(Records to process Opens)

(* Let $p$ be a prime and $f\ge1$. Suppose $r_0,\dots,r_{f-1}$ are integers in $[-p,p]$ satisfying $\sum_{i=0}^{f-1}p^{f-1-i}r_i\equiv0\pmod{p^f-1}$. Then one of the following holds: (1) $(r_0,\dots,r_{f-1})=\pm(p-1,\dots,p-1)$; (2) the list $r_0,\dots,r_{f-1}$, regarded cyclically (indices mod $f$), can be partitioned into blocks of consecutive entries, each block being either all zeros $(0,\dots,0)$ or of the form $\epsilon(-1,p-1,\dots,p-1,p)$ (i.e. $r_i=-\epsilon$, $r_{i+1}=\dots=r_{i+j-1}=\epsilon(p-1)$, $r_{i+j}=\epsilon p$ for some $j\ge1$, with possibly no entries equal to $\epsilon(p-1)$), where the sign $\epsilon\in\{\pm1\}$ may depend on the block; or (3) $p=2$ and $(r_0,\dots,r_{f-1})=\pm(2,\dots,2)$. *)

From HB Require Import structures.
From mathcomp Require Import all_boot all_order all_algebra.
Set Implicit Arguments. Unset Strict Implicit. Unset Printing Implicit Defensive.
Import Order.TTheory GRing.Theory Num.Theory.
Local Open Scope ring_scope.

Definition good_block (p : nat) (b : seq int) : Prop :=
  (b <> [::] /\ all (fun x => x == 0) b) \/
  exists (eps : int) (k : nat), (eps = 1 \/ eps = -1) /\
    b = [seq eps * x | x <- (-1) :: rcons (nseq k (p%:Z - 1)) p%:Z].

Definition cyclic_block_decomp (p : nat) (r : seq int) : Prop :=
  exists (s : nat) (bs : seq (seq int)),
    flatten bs = rot s r /\ (forall b, b \in bs -> good_block p b).

From HB Require Import structures.
From mathcomp Require Import all_boot all_order all_algebra.
From mathcomp Require Import ring lra zify.
Import Order.TTheory GRing.Theory Num.Theory.
Local Open Scope ring_scope.

(* Proof idea: "carrying" in base p.  Write S = sum_i p^(f-1-i) r_i = k (p^f - 1)
   and define carries a_0 = k, a_(i+1) = p a_i - r_i, so that r_i = p a_i - a_(i+1)
   and, by the divisibility, a_f = a_0: the carries are f-periodic.
   If |a_i0| is the largest carry, |r_i0| <= p forces (p-1)|a_i0| <= p, so either
   p = 2 with a carry of size 2, or every carry lies in {-1, 0, 1}.
   - A carry of size 2 (p = 2), or carries that never vanish, propagate around the
     cycle and are constant equal to e, so r = (p e - e, ..., p e - e): cases (3), (1).
   - If some carry a_s vanishes, reading r cyclically from s, the digits between two
     consecutive zero carries form a block 0 or eps(-1, p-1, ..., p-1, p): case (2). *)

Definition digit (P x y : int) : int := P * x - y.

Definition digits (P c : int) (t : seq int) : seq int := pairmap (digit P) c t.

Section BlockDecomposition.
Variable p : nat.

Definition small_carries (t : seq int) : bool := all (fun x => `|x| <= 1) t.
Definition bounded_digits (d : seq int) : bool := all (fun z => `|z| <= p%:Z) d.

(* Starting from a carry e = +-1, the carries stay equal to e until they drop to 0;
   meanwhile the digits are e(p-1), ..., e(p-1), then e p at the drop. *)
Lemma digits_nonzero_run (e : int) (t : seq int) :
  (e = 1 \/ e = -1) -> last e t = 0 -> small_carries t ->
  bounded_digits (digits p e t) ->
  exists k u, digits p e t = rcons (nseq k (e * (p%:Z - 1))) (e * p%:Z) ++ digits p 0 u
    /\ (size u < size t)%N /\ last 0 u = 0 /\ small_carries u.
Proof.
move=> He; elim: t => [|y t IH] /=; first by case: He => ->.
move=> last0 /andP[y_small t_small] /andP[dy_bd dt_bd].
have [y0|y_nz] := eqVneq y 0.
  subst y; exists 0%N, t; split; first by rewrite /= /digit subr0 mulrC.
  by split.
have ye : y = e by move: dy_bd; rewrite /digit; case: He => ->; nia.
subst y.
have [k [u [-> [size_u last_small]]]] := IH last0 t_small dt_bd.
exists k.+1, u; split; last by split => //; lia.
by rewrite /digit /= mulrBr mulr1 mulrC.
Qed.

Lemma digits_block_decomp (t : seq int) :
  last 0 t = 0 -> small_carries t -> bounded_digits (digits p 0 t) ->
  exists bs, flatten bs = digits p 0 t /\ (forall b, b \in bs -> good_block p b).
Proof.
have [n] := ubnP (size t); elim: n t => // n IH [|y t] /= size_lt; first by exists [::].
move=> last0 /andP[y_small t_small] /andP[dy_bd dt_bd].
have [y0|y_nz] := eqVneq y 0.
  subst y; have [bs [Ebs Gbs]] := IH t size_lt last0 t_small dt_bd.
  exists ([:: 0] :: bs); split; first by rewrite /= Ebs /digit mulr0 subr0.
  by move=> b; rewrite inE => /orP[/eqP->|/Gbs//]; left.
have He : y = 1 \/ y = -1 by lia.
have [k [u [Et [size_u [last_u u_small]]]]] := digits_nonzero_run y t He last0 t_small dt_bd.
have du_bd : bounded_digits (digits p 0 u).
  by move: dt_bd; rewrite /bounded_digits Et all_cat => /andP[].
have [bs [Ebs Gbs]] := IH u (leq_trans size_u (ltnW size_lt)) last_u u_small du_bd.
exists ((- y :: rcons (nseq k (y * (p%:Z - 1))) (y * p%:Z)) :: bs); split.
  by rewrite /= Et Ebs /digit mulr0 sub0r.
move=> b; rewrite inE => /orP[/eqP->|/Gbs//]; right.
by exists y, k; rewrite /= mulrN1 map_rcons map_nseq.
Qed.

End BlockDecomposition.

Lemma modSn m d : (m.+1 %% d = (m %% d).+1 %% d)%N.
Proof. by rewrite -addn1 -modnDml addn1. Qed.

Lemma nth_rot_mod {T : Type} (x0 : T) (r : seq T) s n :
  (s < size r)%N -> (n < size r)%N -> nth x0 (rot s r) n = nth x0 r ((s + n) %% size r).
Proof.
move=> s_lt n_lt; rewrite /rot nth_cat size_drop.
case: ltnP => h; first by rewrite nth_drop modn_small //; lia.
rewrite nth_take; last by lia.
rewrite (_ : s + n = size r + (n - (size r - s)))%N; last by lia.
by rewrite modnDl modn_small //; lia.
Qed.

Lemma nseq_from_nth {T : Type} (x0 c : T) (r : seq T) f :
  size r = f -> (forall i, (i < f)%N -> nth x0 r i = c) -> r = nseq f c.
Proof.
move=> size_r Hr; apply: (eq_from_nth (x0 := x0)); first by rewrite size_nseq.
by move=> i; rewrite size_r => i_lt; rewrite nth_nseq i_lt Hr.
Qed.

Section PeriodicCarries.
Context {f : nat} {a : nat -> int}.
Hypotheses (f_gt0 : (0 < f)%N) (carry_period : a f = a 0%N).

Definition cyc_carry (m : nat) : int := a (m %% f).

Lemma carry_mod m : (m <= f)%N -> a (m %% f) = a m.
Proof.
case: (ltnP m f) => [m_lt _|m_ge m_le]; first by rewrite modn_small.
have -> : m = f by lia.
by rewrite modnn carry_period.
Qed.

Lemma max_carry : exists2 i0, (i0 < f)%N & forall i, (i <= f)%N -> `|a i| <= `|a i0|.
Proof.
have [i0 Emax] := bigop.eq_bigmax (fun i : 'I_f => absz (a i)) (ltac:(by rewrite card_ord)).
exists i0 => // i i_le; rewrite -!abszE lez_nat -Emax -carry_mod //.
exact: (bigop.leq_bigmax (Ordinal (ltn_pmod i f_gt0))).
Qed.

Lemma carry_constant (e : int) i0 :
  (forall i, (i < f)%N -> a i = e -> a i.+1 = e) -> (i0 <= f)%N -> a i0 = e ->
  forall j, (j <= f)%N -> a j = e.
Proof.
move=> step i0_le ai0; have from i j : (i <= j <= f)%N -> a i = e -> a j = e.
  move=> /andP[]; elim: j => [|j IH]; first by rewrite leqn0 => /eqP->.
  rewrite leq_eqVlt => /orP[/eqP<- //|ij j_lt ai].
  by apply: (step j j_lt); apply: IH => //; apply: ltnW.
move=> j j_le; apply: (from 0%N) => //.
by rewrite -carry_period; apply: (from i0) => //; rewrite i0_le leqnn.
Qed.

Context {p : nat} {r : seq int}.
Hypothesis size_r : size r = f.
Hypothesis digit_bound : forall i, (i < f)%N -> `|r`_i| <= p%:Z.
Hypothesis carry_rel : forall i, r`_i = digit p (a i) (a i.+1).

Lemma cyc_carry_rel m : r`_(m %% f) = digit p (cyc_carry m) (cyc_carry m.+1).
Proof. by rewrite carry_rel /cyc_carry modSn (carry_mod _ (ltn_pmod m f_gt0)). Qed.

Lemma digits_of_constant_carry (e : int) :
  (forall j, (j <= f)%N -> a j = e) -> r = nseq f (p%:Z * e - e).
Proof.
move=> ae; apply: (nseq_from_nth 0 _ _ _ size_r) => j j_lt.
by rewrite carry_rel /digit ae ?ae //; apply: ltnW.
Qed.

Lemma rot_digits s : (s < f)%N ->
  rot s r = digits p (cyc_carry s) [seq cyc_carry (s + j.+1) | j <- iota 0 f].
Proof.
move=> s_lt; apply: (eq_from_nth (x0 := 0)).
  by rewrite size_pairmap size_map size_iota size_rot size_r.
rewrite size_rot size_r => n n_lt.
rewrite nth_rot_mod ?size_r // (nth_pairmap 0) ?size_map ?size_iota //.
rewrite (nth_map 0%N) ?size_iota // nth_iota // add0n cyc_carry_rel addnS.
by case: n n_lt => [|n] n_lt /=; rewrite ?addn0 // (nth_map 0%N) ?size_iota ?nth_iota //; lia.
Qed.

Lemma constant_digits_of_large_carry i0 :
  p = 2%N -> (forall i, (i <= f)%N -> `|a i| <= 2) -> (i0 < f)%N -> `|a i0| = 2 ->
  r = nseq f 2 \/ r = nseq f (-2).
Proof.
move=> p2 carry_bd i0_lt ai0; have He : a i0 = 2 \/ a i0 = -2 by lia.
have step i : (i < f)%N -> a i = a i0 -> a i.+1 = a i0.
  move=> i_lt ai; move: (digit_bound i i_lt) (carry_bd i.+1 i_lt).
  by rewrite carry_rel /digit ai p2; case: He => ->; lia.
have := digits_of_constant_carry _ (carry_constant _ _ step (ltnW i0_lt) erefl).
by rewrite p2; case: He => -> ->; [left | right].
Qed.

Hypothesis small_carry : forall i, (i <= f)%N -> `|a i| <= 1.

Lemma block_decomp_of_zero_carry s :
  (s < f)%N -> a s = 0 -> cyclic_block_decomp p r.
Proof.
move=> s_lt as0; pose t := [seq cyc_carry (s + j.+1) | j <- iota 0 f].
have cyc_s : cyc_carry s = 0 by rewrite /cyc_carry modn_small.
have last_t : last 0 t = 0.
  rewrite -nth_last size_map size_iota (nth_map 0%N) ?size_iota; last by lia.
  by rewrite nth_iota; [rewrite add0n prednK // /cyc_carry modnDr modn_small | lia].
have t_small : small_carries t.
  by apply/allP => x /mapP[j _ ->]; apply: small_carry; apply: ltnW; apply: ltn_pmod.
have t_bd : bounded_digits p (digits p 0 t).
  rewrite -cyc_s -rot_digits //; apply/allP => z; rewrite mem_rot => /(nthP 0)[i].
  by rewrite size_r => i_lt <-; apply: digit_bound.
have [bs [Ebs Gbs]] := @digits_block_decomp p t last_t t_small t_bd.
by exists s, bs; rewrite Ebs -cyc_s -rot_digits.
Qed.

Lemma constant_digits_of_nonzero_carries :
  (forall i, (i < f)%N -> a i != 0) ->
  r = nseq f (p%:Z - 1) \/ r = nseq f (- (p%:Z - 1)).
Proof.
move=> a_nz; have a0_nz := a_nz 0%N f_gt0.
have He : a 0%N = 1 \/ a 0%N = -1 by have := small_carry 0 (leq0n f); lia.
have step i : (i < f)%N -> a i = a 0%N -> a i.+1 = a 0%N.
  move=> i_lt ai; have next_nz : a i.+1 != 0.
    case: (ltnP i.+1 f) => [/a_nz //|i_ge].
    have -> : i.+1 = f by lia.
    by rewrite carry_period.
  move: (digit_bound i i_lt) (small_carry i.+1 i_lt) next_nz.
  by rewrite carry_rel /digit ai; case: He => ->; nia.
have := digits_of_constant_carry _ (carry_constant _ _ step (leq0n f) erefl).
by case: He => -> ->; [left | right]; congr nseq; ring.
Qed.

End PeriodicCarries.

Fixpoint carry (P k : int) (r : seq int) (i : nat) : int :=
  if i is j.+1 then digit P (carry P k r j) r`_j else k.

Lemma carry_closed P k r i :
  carry P k r i = P ^+ i * k - \sum_(j < i) P ^+ (i - 1 - j) * r`_j.
Proof.
elim: i => [|i IH]; first by rewrite big_ord0 expr0 mul1r subr0.
rewrite /= /digit IH big_ord_recr /=.
have -> : (i.+1 - 1 - i = 0)%N by lia.
rewrite expr0 mul1r mulrBr mulrA -exprS.
rewrite mulr_sumr opprD addrA; congr (_ - _ - _); apply: eq_bigr => j _.
by rewrite mulrA -exprS; congr (_ ^+ _ * _); have := ltn_ord j; lia.
Qed.

Lemma carry_period_of_dvd (P : int) (f : nat) (r : seq int) :
  ((P ^+ f - 1) %| \sum_(i < f) P ^+ (f - 1 - i) * r`_i)%Z ->
  exists k, carry P k r f = carry P k r 0.
Proof. by case/dvdzP => k Hk; exists k; rewrite carry_closed Hk /=; ring. Qed.

Theorem mainTheorem9 (p f : nat) (r : seq int) :
  prime p -> (1 <= f)%N -> size r = f ->
  all (fun x => (- (p%:Z) <= x) && (x <= p%:Z)) r ->
  ((p%:Z ^+ f - 1) %| \sum_(i < f) p%:Z ^+ (f - 1 - i) * r`_i)%Z ->
  (r = nseq f (p%:Z - 1) \/ r = nseq f (- (p%:Z - 1)))
  \/ cyclic_block_decomp p r
  \/ (p = 2%N /\ (r = nseq f 2 \/ r = nseq f (-2))).
Proof.
move=> /prime_gt1 p_gt1 f_gt0 size_r r_bd /carry_period_of_dvd[k period].
have digit_bound i : (i < f)%N -> `|r`_i| <= p%:Z.
  by move=> i_lt; rewrite ler_norml; move/(all_nthP 0): r_bd; apply; rewrite size_r.
pose a := carry p k r; have rel i : r`_i = digit p (a i) (a i.+1) by rewrite /a /= /digit; ring.
have [i0 i0_lt a_max] := max_carry f_gt0 period.
(* The digit at a maximal carry bounds that carry: p |a_i0| <= |r_i0| + |a_i0| <= p + |a_i0|. *)
have max_bound : (p%:Z - 1) * `|a i0| <= p%:Z.
  have pa : p%:Z * a i0 = r`_i0 + a i0.+1 by rewrite rel /digit; ring.
  have := ler_normD r`_i0 (a i0.+1); rewrite -pa normrM.
  by move: (digit_bound i0 i0_lt) (a_max i0.+1 i0_lt); lra.
have [[p2 ai0]|small] : (p = 2%N /\ `|a i0| = 2) \/ (forall i, (i <= f)%N -> `|a i| <= 1).
- have [le1|gt1] := lerP `|a i0| 1; last by left; split; nia.
  by right => i /a_max; lra.
- subst p; do 2 right; split => //.
  apply: (constant_digits_of_large_carry f_gt0 period size_r digit_bound rel i0 erefl _ i0_lt ai0).
  by move=> i /a_max; rewrite ai0.
have [s /eqP as0|a_nz] := pickP (fun i : 'I_f => a i == 0).
  by right; left; apply: (block_decomp_of_zero_carry f_gt0 period size_r digit_bound rel small
    s (ltn_ord s) as0).
by left; apply: (constant_digits_of_nonzero_carries f_gt0 period size_r digit_bound rel small)
  => i i_lt; have := a_nz (Ordinal i_lt); rewrite /= => ->.
Qed.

(Records to process Closes)

* [What is expected] List all lines from the entries that include the word "elim".

* [Solution to this exercise]
move=> He; elim: t => [|y t IH] /=; first by case: He => ->.
have [n] := ubnP (size t); elim: n t => // n IH [|y t] /= size_lt; first by exists [::].
  move=> /andP[]; elim: j => [|j IH]; first by rewrite leqn0 => /eqP->.
elim: i => [|i IH]; first by rewrite big_ord0 expr0 mul1r subr0.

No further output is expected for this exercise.